The tale of Algolia's Scala client and Play Framework
Yesterday I've spent 5 hours debugging a strange issue when using the Algolia's Scala client with Playframework during local development. That is, the period where auto-reloading happens when code is changed.
For a long time (~9 months), we've experienced a DNS error "flakily"; later, it turned out to be a non-flaky issue. But more on that later.

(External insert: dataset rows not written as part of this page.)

Lemma wf_contract H i :
  i < size (edges H) -> no_parallel H i -> wf H -> wf (contract H i).
Proof.
move=> hi /forallP noPar hw.
set a := (edge_of H i).1; set b := (edge_of H i).2.
have [ha hb hab] : [/\ a < nv H, b < nv H & a != b].
  by apply: wf_edge hw _; apply: mem_nth.
pose m z := if z == b then a else z.
have m_ok z : z < nv H -> m z < nv H /\ m z != b.
  by rewrite /m; case: eqP => [_ _|/eqP ? ?]; split.
apply: wf_intro => /=; first lia.
move=> _ /mapP[e he ->] /=.
have [j hj /andP[hji /eqP ej]] := mem_rem_at_nth (0, 0) he.
have [hx hy hxy] := wf_edge hw (mem_rem_at he).
have [hx1 hx2] := m_ok _ hx; have [hy1 hy2] := m_ok _ hy.
have := noPar (Ordinal hj); rewrite /= hji /= -/a -/b /edge_of ej => not_ab.
split; try exact: shift_lt.
(* Merging the endpoints of [e] would need [e] to be parallel to the contracted edge. *)
have m_neq : m e.1 != m e.2.
  move: not_ab hxy; rewrite /m /joins; case: e {he ej hx hy hx1 hx2 hy1 hy2} => x y /=.
  by rewrite !xpair_eqE; case: (x =P b); case: (y =P b) => /= *; subst; lia.
by apply: contra m_neq => /eqP /(shift_inj hx2 hy2) ->.
Qed.

Lemma wf_iso H G : iso H G -> wf H -> wf G.
Proof.
case=> hn [f [hf [finj hp]]] hw.
apply: wf_intro => [|e he]; first by rewrite -hn; apply: wf_gt0.
have : unord e \in map unord (edges G) by apply: map_f.
rewrite -(perm_mem hp) => /mapP[[x y] hxy] /=.
have [/= hx hy hne] := wf_edge hw hxy.
have fx := hf _ hx; have fy := hf _ hy.
have fne : f x != f y by apply: contra hne => /eqP /(finj _ _ hx hy) ->.
by rewrite /unord => -[? ?]; split; lia.
Qed.

Lemma wf_minor_step H H' : minor_step H H' -> wf H -> wf H'.
Proof.
case=> [K w *|K i _|K i *|K G ?].
- exact: wf_del_vertex.
- exact: wf_del_edge.
- exact: wf_contract.
- exact: wf_iso.
Qed.

Lemma minor_of_step G H : minor_step H G -> minor G H.
Proof. by move=> st; apply: minor_cons st (minor_refl G). Qed.

Lemma minor_trans A B C : minor A B -> minor B C -> minor A C.
Proof.
move=> hAB hBC; elim: hBC hAB => [//| G H H' st _ IH] hAB.
exact: minor_cons st (IH hAB).
Qed.

Definition add_isolated (H : graph) : graph := Graph (nv H).+1 (edges H).

Lemma iso_add_isolated H G : iso H G -> wf H -> iso (add_isolated H) (add_isolated G).
Proof.
case=> hn [f [hf [finj hp]]] hw; split; first by rewrite /= hn.
pose g x := if x == nv H then nv G else f x.
have g_f x : x < nv H -> g x = f x by rewrite /g => hx; rewrite ifN //; lia.
exists g; split; [|split].
- move=> x /= hx; rewrite /g; case: eqP => [_|/eqP ne]; first lia.
  by have := hf x; lia.
- move=> x y; rewrite !inE /= /g => hx hy.
  case: (x =P nv H) => ex; case: (y =P nv H) => ey.
  + by rewrite ex ey.
  + by have := hf y; lia.
  + by have := hf x; lia.
  + by apply: finj; rewrite inE; lia.
- suff /eq_in_map -> : {in edges H,
      (fun e => unord (g e.1, g e.2)) =1 (fun e => unord (f e.1, f e.2))} by [].
  by move=> e /(wf_edge hw)[hx hy _]; rewrite /= !g_f.
Qed.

The error is an injection error. We can't initialize AlgoliaClient
because we can't initialize DnsNameResolver
.
Caused by: java.lang.NullPointerException
at io.netty.resolver.dns.DnsNameResolver.<init>(DnsNameResolver.java:303)
at io.netty.resolver.dns.DnsNameResolverBuilder.build(DnsNameResolverBuilder.java:379)
at algolia.AlgoliaHttpClient.<init>(AlgoliaHttpClient.scala:56)
at algolia.AlgoliaClient.<init>(AlgoliaClient.scala:64)
...
Please note that, for a newer version of Netty, the error will be around FailedChannel
cannot be casted to Channel. But it still occurs at the same place.
Well, ok, it was a network thingy. It could be flaky, so I ignored it for several months.
Yesterday, I've found out that this injection error happens almost exactly when Playframework reloaded code around 23 times. It took me a lot of times to test this hypothesis because changing code 23 times was tedious.
I wrote a script that instantiating AlgoliaClient
multiple times, and the exception was always raised at the 26rd AlgoliaClient
. The exception wasn't exactly helpful though. I did a lot of random things afterward with no progress for another hour.
What helped me progress was that I tried to instantiate the 27st AlgoliaClient
, and there it was. The actual exception showed itself:
Caused by: java.net.SocketException: maximum number of DatagramSockets reached
at sun.net.ResourceManager.beforeUdpCreate(ResourceManager.java:72)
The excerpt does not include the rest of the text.